» TASK INSTRUCTIONS: Check every line of the entries below for the word "Aproj", and copy the ones that have it.

» INFORMATION SHOWN:
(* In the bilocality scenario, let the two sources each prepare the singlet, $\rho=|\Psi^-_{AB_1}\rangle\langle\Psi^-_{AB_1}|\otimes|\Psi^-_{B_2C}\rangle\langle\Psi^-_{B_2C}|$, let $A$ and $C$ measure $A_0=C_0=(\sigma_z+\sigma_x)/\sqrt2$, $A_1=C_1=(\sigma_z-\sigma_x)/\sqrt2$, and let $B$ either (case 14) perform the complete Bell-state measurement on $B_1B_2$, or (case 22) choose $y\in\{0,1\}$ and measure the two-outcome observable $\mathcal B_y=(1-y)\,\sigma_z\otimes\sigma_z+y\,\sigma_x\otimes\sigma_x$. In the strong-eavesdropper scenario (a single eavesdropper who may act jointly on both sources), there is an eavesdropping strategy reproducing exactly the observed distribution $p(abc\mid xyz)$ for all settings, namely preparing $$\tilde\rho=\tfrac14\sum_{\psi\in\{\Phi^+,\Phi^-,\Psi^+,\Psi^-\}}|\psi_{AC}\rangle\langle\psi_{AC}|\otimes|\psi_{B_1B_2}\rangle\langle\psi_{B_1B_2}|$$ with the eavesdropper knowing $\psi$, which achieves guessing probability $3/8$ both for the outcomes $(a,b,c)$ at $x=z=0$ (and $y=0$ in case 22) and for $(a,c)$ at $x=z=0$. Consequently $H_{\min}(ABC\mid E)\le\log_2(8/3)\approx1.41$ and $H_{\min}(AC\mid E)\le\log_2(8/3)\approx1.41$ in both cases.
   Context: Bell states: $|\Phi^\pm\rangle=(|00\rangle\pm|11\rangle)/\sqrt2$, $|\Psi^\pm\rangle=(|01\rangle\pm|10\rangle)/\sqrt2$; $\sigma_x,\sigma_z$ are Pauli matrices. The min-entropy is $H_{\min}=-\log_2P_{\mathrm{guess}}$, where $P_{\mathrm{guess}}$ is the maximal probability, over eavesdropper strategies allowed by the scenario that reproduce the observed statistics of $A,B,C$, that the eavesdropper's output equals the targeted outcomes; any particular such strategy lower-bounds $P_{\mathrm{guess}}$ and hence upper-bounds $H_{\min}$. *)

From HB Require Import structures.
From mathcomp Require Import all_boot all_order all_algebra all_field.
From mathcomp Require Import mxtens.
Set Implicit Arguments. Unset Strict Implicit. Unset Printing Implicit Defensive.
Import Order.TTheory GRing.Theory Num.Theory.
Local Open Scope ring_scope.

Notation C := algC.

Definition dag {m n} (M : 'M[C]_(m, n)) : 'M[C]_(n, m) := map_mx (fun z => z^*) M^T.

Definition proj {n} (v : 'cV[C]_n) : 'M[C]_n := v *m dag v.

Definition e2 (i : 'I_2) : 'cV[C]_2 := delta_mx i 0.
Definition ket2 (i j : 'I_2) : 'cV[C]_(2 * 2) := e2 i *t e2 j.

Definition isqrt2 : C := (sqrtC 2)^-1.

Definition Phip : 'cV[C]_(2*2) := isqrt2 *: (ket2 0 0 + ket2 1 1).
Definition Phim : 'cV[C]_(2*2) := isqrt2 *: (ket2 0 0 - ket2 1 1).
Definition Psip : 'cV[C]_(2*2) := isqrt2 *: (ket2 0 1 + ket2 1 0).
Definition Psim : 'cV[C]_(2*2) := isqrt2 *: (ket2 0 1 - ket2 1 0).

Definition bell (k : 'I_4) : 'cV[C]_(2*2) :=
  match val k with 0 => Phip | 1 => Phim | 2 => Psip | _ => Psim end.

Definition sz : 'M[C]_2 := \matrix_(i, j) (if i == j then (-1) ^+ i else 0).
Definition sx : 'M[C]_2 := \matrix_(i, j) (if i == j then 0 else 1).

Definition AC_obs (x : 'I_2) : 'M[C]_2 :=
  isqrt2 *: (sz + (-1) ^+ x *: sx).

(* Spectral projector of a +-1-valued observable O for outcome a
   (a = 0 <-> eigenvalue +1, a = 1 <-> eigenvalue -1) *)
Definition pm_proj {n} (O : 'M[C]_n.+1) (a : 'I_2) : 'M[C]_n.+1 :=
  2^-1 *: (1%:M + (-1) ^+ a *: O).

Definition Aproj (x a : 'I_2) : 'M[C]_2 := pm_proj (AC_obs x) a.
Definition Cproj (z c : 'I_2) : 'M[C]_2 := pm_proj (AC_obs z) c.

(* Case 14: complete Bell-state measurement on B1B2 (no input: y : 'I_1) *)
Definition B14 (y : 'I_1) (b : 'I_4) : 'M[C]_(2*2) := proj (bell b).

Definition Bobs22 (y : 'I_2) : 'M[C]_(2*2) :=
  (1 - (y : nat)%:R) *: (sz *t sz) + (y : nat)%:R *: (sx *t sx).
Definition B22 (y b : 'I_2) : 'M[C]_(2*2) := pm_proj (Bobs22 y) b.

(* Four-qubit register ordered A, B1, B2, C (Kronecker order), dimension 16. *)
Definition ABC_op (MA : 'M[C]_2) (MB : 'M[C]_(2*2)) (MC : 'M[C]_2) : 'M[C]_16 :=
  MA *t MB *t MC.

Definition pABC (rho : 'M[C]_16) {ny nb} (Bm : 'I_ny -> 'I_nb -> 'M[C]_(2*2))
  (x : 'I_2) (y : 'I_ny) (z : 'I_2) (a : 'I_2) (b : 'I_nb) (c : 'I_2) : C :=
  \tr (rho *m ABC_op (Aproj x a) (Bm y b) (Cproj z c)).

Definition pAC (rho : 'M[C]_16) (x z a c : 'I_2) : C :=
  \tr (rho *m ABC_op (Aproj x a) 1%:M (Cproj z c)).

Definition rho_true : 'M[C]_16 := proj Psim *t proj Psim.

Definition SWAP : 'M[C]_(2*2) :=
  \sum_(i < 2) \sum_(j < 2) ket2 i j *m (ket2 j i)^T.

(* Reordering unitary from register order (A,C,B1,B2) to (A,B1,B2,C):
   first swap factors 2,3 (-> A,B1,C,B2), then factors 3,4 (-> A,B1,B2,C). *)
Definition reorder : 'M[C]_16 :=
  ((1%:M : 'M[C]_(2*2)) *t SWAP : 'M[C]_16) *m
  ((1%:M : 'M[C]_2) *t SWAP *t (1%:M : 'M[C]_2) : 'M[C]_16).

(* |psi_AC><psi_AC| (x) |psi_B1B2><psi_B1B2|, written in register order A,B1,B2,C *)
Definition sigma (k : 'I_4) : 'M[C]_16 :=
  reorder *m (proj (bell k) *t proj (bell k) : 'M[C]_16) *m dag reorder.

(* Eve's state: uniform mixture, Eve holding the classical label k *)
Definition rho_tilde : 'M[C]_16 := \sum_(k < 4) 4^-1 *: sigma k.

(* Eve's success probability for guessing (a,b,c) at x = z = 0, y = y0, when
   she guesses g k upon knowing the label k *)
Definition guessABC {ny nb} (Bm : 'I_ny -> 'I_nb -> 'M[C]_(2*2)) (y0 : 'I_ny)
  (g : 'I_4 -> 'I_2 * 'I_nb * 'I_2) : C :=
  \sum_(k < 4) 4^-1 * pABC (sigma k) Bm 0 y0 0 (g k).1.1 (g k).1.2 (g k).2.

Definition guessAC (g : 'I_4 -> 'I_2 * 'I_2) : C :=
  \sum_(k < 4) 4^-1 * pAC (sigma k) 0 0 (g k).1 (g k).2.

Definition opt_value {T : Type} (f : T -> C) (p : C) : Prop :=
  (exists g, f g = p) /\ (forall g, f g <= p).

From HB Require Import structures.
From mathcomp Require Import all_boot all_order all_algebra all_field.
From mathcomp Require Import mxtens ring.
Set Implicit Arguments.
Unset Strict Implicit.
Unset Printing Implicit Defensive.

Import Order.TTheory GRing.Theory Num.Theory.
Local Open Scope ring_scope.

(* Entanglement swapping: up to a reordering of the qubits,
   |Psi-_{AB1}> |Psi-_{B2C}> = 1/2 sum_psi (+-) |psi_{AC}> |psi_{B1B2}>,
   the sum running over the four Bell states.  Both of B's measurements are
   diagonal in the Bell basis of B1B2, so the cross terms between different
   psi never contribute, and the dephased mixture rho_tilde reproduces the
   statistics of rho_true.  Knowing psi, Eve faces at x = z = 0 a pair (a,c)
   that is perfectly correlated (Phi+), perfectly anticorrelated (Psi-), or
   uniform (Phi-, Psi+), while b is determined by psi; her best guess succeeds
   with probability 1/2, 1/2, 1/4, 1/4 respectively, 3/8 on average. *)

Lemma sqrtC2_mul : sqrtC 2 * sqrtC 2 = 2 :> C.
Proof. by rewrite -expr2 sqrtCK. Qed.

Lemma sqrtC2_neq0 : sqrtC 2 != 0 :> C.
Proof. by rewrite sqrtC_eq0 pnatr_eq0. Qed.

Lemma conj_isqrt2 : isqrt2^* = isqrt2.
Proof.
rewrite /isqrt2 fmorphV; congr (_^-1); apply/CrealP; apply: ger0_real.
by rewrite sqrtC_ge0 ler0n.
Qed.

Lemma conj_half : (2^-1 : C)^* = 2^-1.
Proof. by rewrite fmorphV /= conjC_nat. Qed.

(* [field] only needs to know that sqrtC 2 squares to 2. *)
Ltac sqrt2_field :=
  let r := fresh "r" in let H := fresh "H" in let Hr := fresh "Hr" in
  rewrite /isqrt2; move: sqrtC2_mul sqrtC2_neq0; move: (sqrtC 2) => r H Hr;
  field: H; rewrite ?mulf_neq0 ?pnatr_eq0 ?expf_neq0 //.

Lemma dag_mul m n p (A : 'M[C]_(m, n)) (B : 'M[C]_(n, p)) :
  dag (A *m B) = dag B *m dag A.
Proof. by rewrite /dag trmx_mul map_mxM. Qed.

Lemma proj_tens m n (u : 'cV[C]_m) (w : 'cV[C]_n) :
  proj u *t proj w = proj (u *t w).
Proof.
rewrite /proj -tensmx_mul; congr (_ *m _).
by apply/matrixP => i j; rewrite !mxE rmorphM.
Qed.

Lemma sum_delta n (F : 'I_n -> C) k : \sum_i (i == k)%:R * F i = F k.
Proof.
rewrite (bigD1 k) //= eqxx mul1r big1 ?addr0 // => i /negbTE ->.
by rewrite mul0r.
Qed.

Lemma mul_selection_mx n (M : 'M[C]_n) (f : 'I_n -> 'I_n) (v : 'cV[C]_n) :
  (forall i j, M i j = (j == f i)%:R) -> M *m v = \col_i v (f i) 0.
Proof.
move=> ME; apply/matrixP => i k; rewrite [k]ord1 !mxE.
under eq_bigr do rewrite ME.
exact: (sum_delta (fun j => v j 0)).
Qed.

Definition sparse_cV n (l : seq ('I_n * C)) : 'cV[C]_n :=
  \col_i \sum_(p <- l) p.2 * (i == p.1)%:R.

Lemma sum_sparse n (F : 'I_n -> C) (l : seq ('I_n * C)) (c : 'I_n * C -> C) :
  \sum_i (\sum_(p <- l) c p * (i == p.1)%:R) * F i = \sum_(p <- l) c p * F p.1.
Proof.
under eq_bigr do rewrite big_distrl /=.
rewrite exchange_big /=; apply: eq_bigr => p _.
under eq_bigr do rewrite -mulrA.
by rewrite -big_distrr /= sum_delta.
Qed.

==

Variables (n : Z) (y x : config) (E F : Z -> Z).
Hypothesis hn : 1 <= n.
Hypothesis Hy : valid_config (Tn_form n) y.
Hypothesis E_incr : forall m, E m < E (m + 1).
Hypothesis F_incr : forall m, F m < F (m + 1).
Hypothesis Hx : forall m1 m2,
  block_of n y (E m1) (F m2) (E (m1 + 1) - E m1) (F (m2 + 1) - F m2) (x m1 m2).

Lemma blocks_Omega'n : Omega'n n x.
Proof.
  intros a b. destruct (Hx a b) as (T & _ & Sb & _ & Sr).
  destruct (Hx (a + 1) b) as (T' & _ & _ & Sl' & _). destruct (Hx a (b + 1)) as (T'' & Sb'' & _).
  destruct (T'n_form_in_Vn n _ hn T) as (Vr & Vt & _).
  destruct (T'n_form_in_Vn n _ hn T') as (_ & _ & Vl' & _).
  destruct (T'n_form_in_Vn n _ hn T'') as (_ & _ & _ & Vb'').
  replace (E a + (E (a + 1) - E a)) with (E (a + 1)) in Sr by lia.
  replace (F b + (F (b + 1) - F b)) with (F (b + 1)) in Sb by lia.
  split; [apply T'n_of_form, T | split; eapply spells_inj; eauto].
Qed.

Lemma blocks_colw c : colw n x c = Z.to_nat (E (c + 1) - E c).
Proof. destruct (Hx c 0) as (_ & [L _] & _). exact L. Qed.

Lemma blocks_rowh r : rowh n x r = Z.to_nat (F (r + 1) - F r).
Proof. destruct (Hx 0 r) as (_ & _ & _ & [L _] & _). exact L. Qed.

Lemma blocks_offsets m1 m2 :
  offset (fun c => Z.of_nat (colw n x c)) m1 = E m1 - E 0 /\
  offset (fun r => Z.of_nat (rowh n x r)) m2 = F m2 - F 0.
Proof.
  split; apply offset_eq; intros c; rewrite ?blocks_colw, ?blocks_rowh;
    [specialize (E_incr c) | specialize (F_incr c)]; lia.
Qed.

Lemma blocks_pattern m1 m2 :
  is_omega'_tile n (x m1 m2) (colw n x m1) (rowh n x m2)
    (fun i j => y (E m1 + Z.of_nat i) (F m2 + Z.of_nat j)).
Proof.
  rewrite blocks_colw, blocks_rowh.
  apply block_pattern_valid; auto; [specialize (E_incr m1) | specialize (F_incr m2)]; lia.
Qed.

» TASK RESPONSE:
Definition Aproj (x a : 'I_2) : 'M[C]_2 := pm_proj (AC_obs x) a.
  \tr (rho *m ABC_op (Aproj x a) (Bm y b) (Cproj z c)).
  \tr (rho *m ABC_op (Aproj x a) 1%:M (Cproj z c)).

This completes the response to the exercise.